The university administrators were largely successful in their resistance to the layoffs, and the schools eventually all reopened for classes. When Syriza took power at the beginning of 2015, the threat of imminent dismissals of university administrators and all other public workers immediately dissolved. The new leftist administrative reform minister, furthermore, vowed to reinstate thousands of public workers the previous government had managed to dismiss despite the mass resistance. In addition, Syriza announced, the old state broadcaster, ERT, would be reopened. Upon learning that they’d be rehired, laid-off public workers rejoiced. The finance ministry “cleaning ladies,” who had until then maintained a protest encampment outside their workplace, put on red rubber gloves and celebrated in the streets. “You’ve been fired!” they yelled in reference to members of the previous government.


Around the time of the anniversary of the Polytechnic uprising, Mitsotakis, the administrative reform minister, sent out a tweet: “Albeit late the murderers of the mayor of Pangaio were fired today period.” It was nearly four years after the shooting.

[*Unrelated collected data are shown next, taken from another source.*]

(* Let $\pi^{\mathrm{cen},*}\in S^{\mathrm{cen}}$. (a) For any $\varepsilon\ge0$, any optimizer $(\pi^*_1,\dots,\pi^*_N,\pi^*_c)$ of the CAL problem with parameter $\varepsilon$, and any $i$, $V_{N^{-1}\mathbf{1}}(\pi^{\mathrm{cen},*})\le V_{N^{-1}\mathbf{1}}(\pi^*_i)$. (b) For any $j\in\{1,\dots,N\}$ and $\pi^{\mathrm{dec},*}_j\in S^{\mathrm{dec}}_j$, if $V_{N^{-1}\mathbf{1}}(\pi^{\mathrm{cen},*})<V_{N^{-1}\mathbf{1}}(\pi^{\mathrm{dec},*}_j)$, then there exists $\varepsilon>0$ such that $V_{N^{-1}\mathbf{1}}(\pi^*_j)\le V_{N^{-1}\mathbf{1}}(\pi^{\mathrm{dec},*}_j)$ for every optimizer $(\pi^*_1,\dots,\pi^*_N,\pi^*_c)$ of the CAL problem with parameter $\varepsilon$.
   Context: Let $\mathcal{S},\mathcal{A}$ be finite sets, $\gamma\in(0,1)$, $\rho$ a probability distribution on $\mathcal{S}$, and for $i=1,\dots,N$ environment $i$ is the Markov decision process $(\mathcal{S},\mathcal{A},P^i,\gamma,\rho)$. $\Pi$ is the set of stationary policies $\pi:\mathcal{S}\to\Delta(\mathcal{A})$ ($\pi(s,a)$ = probability of $a$ at $s$). $\mu^\pi_i(s,a)=\sum_{t\ge0}\gamma^t\mathbb{P}^{\pi,i}_\rho[s_t=s,a_t=a]$ is the discounted occupation measure (trajectory law: $s_0\sim\rho$, $a_t\sim\pi(s_t,\cdot)$, $s_{t+1}\sim P^i(\cdot\mid s_t,a_t)$). Expert policies $\pi^{E_i}\in\Pi$ and a cost basis matrix $\Phi\in\mathbb{R}^{|\mathcal{S}||\mathcal{A}|\times n_c}$ with columns of sup-norm at most $1$ are given. For $\beta$ in the probability simplex of $\mathbb{R}^N$, $V_\beta(\pi)=\sum_{i=1}^N\beta_i\|\Phi^\top\mu^\pi_i-\Phi^\top\mu^{\pi^{E_i}}_i\|_1$; $N^{-1}\mathbf{1}$ is the vector with all entries $1/N$. $S^{\mathrm{dec}}_j=\arg\min_{\pi\in\Pi}\|\Phi^\top\mu^\pi_j-\Phi^\top\mu^{\pi^{E_j}}_j\|_1$ and $S^{\mathrm{cen}}=\arg\min_{\pi\in\Pi}\sum_{i=1}^N\|\Phi^\top\mu^\pi_i-\Phi^\top\mu^{\pi^{E_i}}_i\|_1$. The CAL problem with parameter $\varepsilon\ge0$ is: minimize $\sum_{i=1}^N\|\Phi^\top\mu^{\pi_i}_i-\Phi^\top\mu^{\pi^{E_i}}_i\|_1$ over $(\pi_1,\dots,\pi_N,\pi_c)\in\Pi^{N+1}$ subject to $\max_{(s,a)}|\pi_i(s,a)-\pi_c(s,a)|\le\varepsilon$ for all $i$. *)

From HB Require Import structures.
From mathcomp Require Import all_boot all_order all_algebra.
From mathcomp Require Import all_classical all_reals all_analysis.
Set Implicit Arguments. Unset Strict Implicit. Unset Printing Implicit Defensive.
Import Order.TTheory GRing.Theory Num.Theory.
Local Open Scope ring_scope.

The shooter’s wife had dreaded this moment. During my trip to Pangaio the preceding summer, I visited the small town where she and her husband had made their home. The place was called
Chortokopi, after a former Pontic Greek settlement in what is now Turkey, in the mountains south of the Black Sea city of Trabzon. One evening in Pangaio, I drove up to Savvas Saltouridis’s home, which like other homes in Chortokopi could have been extracted from a Las Vegas suburb. The residence was an elevated two-story house enclosed by a spacious veranda. A golden retriever panted in the front yard, beside children’s bicycles and manicured pine trees. No one answered when I rang the bell, so I stopped by the main village square, which sat in the shade of towering plane trees. There, I settled at a
kafenio.
Two youths, seemingly imploding with boredom, sipped
frapés
—iced coffee—and a few old men sat and flipped their
kombológia.
The snap of beads punctuated the sound track of locusts droning from the trees. I ordered a coffee and asked the server if anyone knew Savvas Saltouridis’s family. After a quick phone call, his brother Giorgos was informed of my presence and on his way.

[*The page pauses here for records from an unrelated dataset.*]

(* Let $U$ be a nonempty finite set, $R\subseteq U\times U$ serial and transitive, and $r$ the rank function of the matroid $M(Reg(U,R))$. Then $r(X)=h(X)$ for every $X\in Reg(U,R)$.
   Context: $R_s(x)=\{y\in U\mid xRy\}$; $\underline{R}(X)=\{x\mid R_s(x)\subseteq X\}$, $\overline{R}(X)=\{x\mid R_s(x)\cap X\neq\emptyset\}$; $X$ is regular if $X=\underline{R}(\overline{R}(X))$, and $Reg(U,R)$ is the lattice of regular sets under inclusion, with least element $\emptyset$. $h(A)$ is the length of a maximal chain in $[\emptyset,A]$. $M(Reg(U,R))$ is the matroid on $U$ with independent sets $\mathbf{I}(Reg(U,R);h)=\{X\subseteq U\mid h(Y)\ge|X\cap Y|\ \forall Y\in Reg(U,R)\}$; its rank function is $r(X)=\max\{|I|\mid I\subseteq X,\ I\in\mathbf{I}\}$. *)

From mathcomp Require Import all_boot.
Set Implicit Arguments. Unset Strict Implicit. Unset Printing Implicit Defensive.

Section RoughDefs.
Variables (U : finType) (R : rel U).

Definition Rs (x : U) : {set U} := [set y | R x y].

Definition lower_apx (X : {set U}) : {set U} := [set x | Rs x \subset X].
Definition upper_apx (X : {set U}) : {set U} := [set x | Rs x :&: X != set0].

Definition regular (X : {set U}) : bool := X == lower_apx (upper_apx X).

Definition reg_chain_below (A : {set U}) (C : {set {set U}}) : bool :=
  [forall Y in C, regular Y && (Y \subset A)] &&
  [forall Y in C, forall Z in C, (Y \subset Z) || (Z \subset Y)].

Definition h (A : {set U}) : nat :=
  \max_(C : {set {set U}} | reg_chain_below A C) (#|C|).-1.

Definition indep (X : {set U}) : bool :=
  [forall Y : {set U}, regular Y ==> (#|X :&: Y| <= h Y)].

Definition rank (X : {set U}) : nat :=
  \max_(I : {set U} | (I \subset X) && indep I) #|I|.

End RoughDefs.

Definition serial (U : Type) (R : rel U) : Prop := forall x, exists y, R x y.

From mathcomp Require Import all_boot.
Set Implicit Arguments. Unset Strict Implicit. Unset Printing Implicit Defensive.

(* - rank X <= h X is immediate: an independent I inside X meets the regular
     set X in #|I| <= h X points.
   - h X <= rank X: given a chain C of regular subsets of X with #|C| = n+1,
     we build (purely combinatorially, by peeling off the maximum of C) a set
     I of n points of the union of C such that, for every set Y, I meets Y in
     fewer points than there are distinct traces Y :&: Z (Z in C).  The
     traces of C on a regular Y form a chain of regular sets below Y, because
     regular sets are closed under intersection; hence #|I :&: Y| <= h Y,
     i.e. I is independent, and #|I| = n <= rank X.
   Closure of regular sets under intersection is where seriality and
   transitivity are used: every point has a successor t all of whose
   successors have the same successor set as t, and a regular set containing
   a predecessor of such a t contains all successors of t. *)

Section Regularity.
Variables (U : finType) (R : rel U).

Lemma lower_upperP (Z : {set U}) x :
  reflect (forall y, R x y -> exists2 z, R y z & z \in Z)
          (x \in lower_apx R (upper_apx R Z)).
Proof.
rewrite inE; apply: (iffP subsetP) => [sub y Rxy | H y].
  have := sub y; rewrite !inE => /(_ Rxy) /set0Pn [z].
  by rewrite !inE => /andP[Ryz zZ]; exists z.
rewrite !inE => /H [z Ryz zZ]; apply/set0Pn; exists z.
by rewrite !inE Ryz.
Qed.

Lemma lower_upperS (A B : {set U}) : A \subset B ->
  lower_apx R (upper_apx R A) \subset lower_apx R (upper_apx R B).
Proof.
move=> /subsetP sAB; apply/subsetP => x /lower_upperP H.
by apply/lower_upperP => y /H [z Ryz /sAB zB]; exists z.
Qed.

Lemma regular_mem (Z : {set U}) x : regular R Z ->
  (x \in Z) = (x \in lower_apx R (upper_apx R Z)).
Proof. by move/eqP=> {1}->. Qed.

Hypotheses (R_serial : serial R) (R_trans : transitive R).

(* Every point x has a successor t lying in a "terminal cluster": all
   successors of t have the same successor set as t.  Take t with a minimal
   successor set among the successors of x. *)
Lemma terminal_successor x :
  exists2 t, R x t & forall w, R t w -> Rs R w = Rs R t.
Proof.
have [y0 Rxy0] := R_serial x.
have [t Rxt min_t] := arg_minnP (fun t => #|Rs R t|) Rxy0.
exists t => // w Rtw; apply/eqP; rewrite eqEcard min_t ?andbT.
  by apply/subsetP => v; rewrite !inE => /(R_trans Rtw).
exact: R_trans Rxt Rtw.
Qed.

Lemma regular_cluster (Z : {set U}) x t : regular R Z -> x \in Z -> R x t ->
  (forall w, R t w -> Rs R w = Rs R t) -> Rs R t \subset Z.
Proof.
move=> rZ xZ Rxt cluster_t.
move: xZ; rewrite (regular_mem _ rZ) => /lower_upperP /(_ t Rxt) [z Rtz zZ].
apply/subsetP => w; rewrite inE => Rtw; rewrite (regular_mem _ rZ).
apply/lower_upperP => v Rwv; exists z => //.
have Rtv : R t v.
  have : v \in Rs R w by rewrite inE.
  by rewrite cluster_t // inE.
have : z \in Rs R t by rewrite inE.
by rewrite -(cluster_t v Rtv) inE.
Qed.

Lemma regularI (X Y : {set U}) :
  regular R X -> regular R Y -> regular R (X :&: Y).
Proof.
move=> rX rY; rewrite /regular eqEsubset; apply/andP; split.
  apply/subsetP => x /setIP [xX xY]; apply/lower_upperP => y Rxy.
  have [t Ryt cluster_t] := terminal_successor y.
  have Rxt := R_trans Rxy Ryt.
  have [z Rtz] := R_serial t.
  have inRs_t (Z : {set U}) : regular R Z -> x \in Z -> z \in Z.
    move=> rZ xZ; apply: (subsetP (regular_cluster rZ xZ Rxt cluster_t)).
    by rewrite inE.
  by exists z; [exact: R_trans Ryt Rtz | rewrite inE (inRs_t X) ?(inRs_t Y)].
apply/subsetP => x x_cl; rewrite inE (regular_mem _ rX) (regular_mem _ rY).
by rewrite !(subsetP (lower_upperS _) x x_cl) ?subsetIl ?subsetIr.
Qed.

End Regularity.

Section Chains.
Variable T : finType.
Implicit Types (C D : {set {set T}}) (Y Z : {set T}).

Definition chain C := {in C &, forall Y Z, (Y \subset Z) || (Z \subset Y)}.

Definition trace Y C : {set {set T}} := [set Y :&: Z | Z in C].

Lemma chainS C D : D \subset C -> chain C -> chain D.
Proof. by move=> /subsetP sDC cC Y Z /sDC YC /sDC ZC; exact: cC. Qed.

Lemma chain_trace Y C : chain C -> chain (trace Y C).
Proof.
move=> cC _ _ /imsetP [Z ZC ->] /imsetP [Z' Z'C ->].
by case/orP: (cC Z Z' ZC Z'C) => s; apply/orP; [left | right]; exact: setIS.
Qed.

Lemma chain_max C : chain C -> C != set0 ->
  exists2 M, M \in C & forall Z, Z \in C -> Z \subset M.
Proof.
move=> cC /set0Pn [Z0 Z0C].
have [M MC maxM] := arg_maxnP (fun M : {set T} => #|M|) Z0C.
exists M => // Z ZC; case/orP: (cC Z M ZC MC) => // sMZ.
suff /eqP-> : M == Z by [].
by rewrite eqEcard sMZ; exact: maxM.
Qed.

Lemma chain_peel C n : chain C -> #|C| = n.+2 ->
  exists M x, [/\ M \in C, x \in M & x \notin \bigcup_(Z in C :\ M) Z].
Proof.
move=> cC cardC.
have [M MC maxM] : exists2 M, M \in C & forall Z, Z \in C -> Z \subset M.
  by apply: chain_max; rewrite // -card_gt0 cardC.
have cC' : chain (C :\ M) by apply: chainS cC; exact: subsetDl.
have [M' M'C' maxM'] : exists2 M', M' \in C :\ M &
    forall Z, Z \in C :\ M -> Z \subset M'.
  apply: chain_max; rewrite // -card_gt0.
  by move: cardC; rewrite (cardsD1 M C) MC add1n => -[->].
have /properP [_ [x xM xM']] : M' \proper M.
  by move: M'C' => /setD1P [M'M /maxM sM'M]; rewrite properEneq M'M.
exists M, x; split=> //; apply/bigcupP => -[Z /maxM' /subsetP sZM' xZ].
by rewrite sZM' in xM'.
Qed.

Lemma chain_transversal n C : chain C -> #|C| = n.+1 ->
  exists I : {set T}, [/\ #|I| = n, I \subset \bigcup_(Z in C) Z &
    forall Y, #|I :&: Y| < #|trace Y C|].
Proof.
elim: n C => [|n IH] C cC cardC.
  exists set0; split; rewrite ?cards0 ?sub0set // => Y.
  have /set0Pn [Z ZC] : C != set0 by rewrite -card_gt0 cardC.
  by rewrite set0I cards0 card_gt0; apply/set0Pn; exists (Y :&: Z); exact: imset_f.
have [M [x [MC xM xC']]] := chain_peel cC cardC.
have cardC' : #|C :\ M| = n.+1.
  by move: cardC; rewrite (cardsD1 M C) MC add1n => -[].
have [I [cardI sI traceI]] := IH _ (chainS (subsetDl C [set M]) cC) cardC'.
have xI : x \notin I by apply: contra xC' => /(subsetP sI).
exists (x |: I); split.
- by rewrite cardsU1 xI cardI.
- rewrite subUset sub1set; apply/andP; split; first by apply/bigcupP; exists M.
  apply: subset_trans sI _; apply/bigcupsP => Z /setD1P [_ ZC].
  exact: bigcup_sup.
move=> Y; case xY: (x \in Y).
  have xIY : (x |: I) :&: Y = x |: (I :&: Y).
    by apply/setP => z; rewrite !inE; case: eqP => // ->; rewrite xY.
  have new_trace : Y :&: M \notin trace Y (C :\ M).
    apply/imsetP => -[Z ZC' EZ]; have : x \in Y :&: M by rewrite inE xY.
    by rewrite EZ => /setIP [_ xZ]; case/bigcupP: xC'; exists Z.
  have traceE : trace Y C = (Y :&: M) |: trace Y (C :\ M).
    by rewrite -{1}(setD1K MC) /trace imsetU1.
  have xIY' : x \notin I :&: Y by rewrite inE (negbTE xI).
  by rewrite xIY traceE !cardsU1 new_trace xIY' ltn_add2l traceI.
have xIY : (x |: I) :&: Y = I :&: Y.
  by apply/setP => z; rewrite !inE; case: eqP => // ->; rewrite xY (negbTE xI).
rewrite xIY; apply: leq_trans (traceI Y) _.
by apply: subset_leq_card; apply: imsetS; exact: subsetDl.
Qed.

End Chains.

Section RankHeight.
Variables (U : finType) (R : rel U).

Lemma reg_chain_belowP (A : {set U}) (C : {set {set U}}) :
  reflect ({in C, forall Y, regular R Y && (Y \subset A)} /\ chain C)
          (reg_chain_below R A C).
Proof.
apply: (iffP andP) => [[/forallP regC /forallP cC] | [regC cC]]; split.
- by move=> Y YC; have := regC Y; rewrite YC.
- by move=> Y Z YC ZC; have := cC Y; rewrite YC => /forallP /(_ Z); rewrite ZC.
- by apply/forallP => Y; apply/implyP; exact: regC.
by apply/forallP => Y; apply/implyP => YC; apply/forallP => Z; apply/implyP;
   exact: cC.
Qed.

Lemma chain_le_h (A : {set U}) (C : {set {set U}}) :
  reg_chain_below R A C -> (#|C|).-1 <= h R A.
Proof. exact: leq_bigmax_cond. Qed.

Lemma rank_le_h (X : {set U}) : regular R X -> rank R X <= h R X.
Proof.
move=> rX; apply/bigmax_leqP => I /andP [sIX /forallP /(_ X)].
by rewrite rX (setIidPl sIX).
Qed.

Hypotheses (R_serial : serial R) (R_trans : transitive R).

Lemma trace_reg_chain (A Y : {set U}) (C : {set {set U}}) :
  regular R Y -> reg_chain_below R A C -> reg_chain_below R Y (trace Y C).
Proof.
move=> rY /reg_chain_belowP [regC cC]; apply/reg_chain_belowP.
split; last exact: chain_trace.
move=> _ /imsetP [Z ZC ->]; rewrite subsetIl andbT.
by apply: regularI => //; case/andP: (regC Z ZC).
Qed.

Lemma h_le_rank (X : {set U}) : h R X <= rank R X.
Proof.
apply/bigmax_leqP => C chainC; have /reg_chain_belowP [regC cC] := chainC.
case cardC: #|C| => [|n] //=.
have [I [cardI sI traceI]] := chain_transversal cC cardC.
rewrite -cardI; apply: leq_bigmax_cond; apply/andP; split.
  apply: subset_trans sI _; apply/bigcupsP => Z ZC.
  by case/andP: (regC Z ZC).
apply/forallP => Y; apply/implyP => rY.
apply: leq_trans (chain_le_h (trace_reg_chain rY chainC)).
by rewrite -ltnS prednK // (leq_ltn_trans _ (traceI Y)).
Qed.

End RankHeight.

Theorem proposition4 (U : finType) (R : rel U) :
  0 < #|U| -> serial R -> transitive R ->
  forall X : {set U}, regular R X -> rank R X = h R X.
Proof.
move=> _ R_serial R_trans X rX; apply/eqP; rewrite eqn_leq.
by rewrite rank_le_h //= h_le_rank.
Qed.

As I waited, I became a bit uneasy about how Giorgos might react to my visit. A day earlier, I had tried to visit Saltouridis and his colleague Monos in prison, but neither wished to see me, according to the warden. Now, a question ran through my mind: Did the police ultimately confiscate that Uzi? A red pickup truck pulled up, and from it emerged a brawny man with sun-darkened skin. He walked toward me with a beefy gait that would have been daunting had it not been for the mitigating influence of a beer belly and peaceable brown eyes. “I would have come sooner,” he said, “but I was just getting a haircut.” We sat at a table and ordered a couple of coffees. I asked him how his brother’s family was doing. “My brother did a stupid thing and should pay for it,” Giorgos said. “He should be punished. But how is his family to blame? What will happen to the children? Do they need to die?” The family, he meant, needed his brother’s halved salary. Giorgos said he had done what he could to help them, but he was just a farmer with kids of his own. “Do you have any idea what the
electric bill is on that place?” he said of his brother’s house. Giorgos then showed me a 1998 photo taken of his brother in Boston. It was the first image I’d seen of Saltouridis. He was sitting on a chair, bowing a
lyra
and looking directly at the camera with a birdlike, expressionless face. His eyes seemed sunken, as if preferring to hide. A pile of dollar bills was strewn at his feet. “Do you see all that money?” said Giorgos. “It’s a lot of money.” His brother had been invited to play the
lyra
for Pontic Greeks in New York, Boston, Munich, all around the world, Giorgos said. It was with the money he earned doing this that he’d been able to build that home with the veranda, said Giorgos, who seemed to think that the house required justification. I got out my camera to take a picture of the photo for the record, and Giorgos waited patiently as I snapped a few images of it. “Make sure you get the money,” he said. “A lot of money.”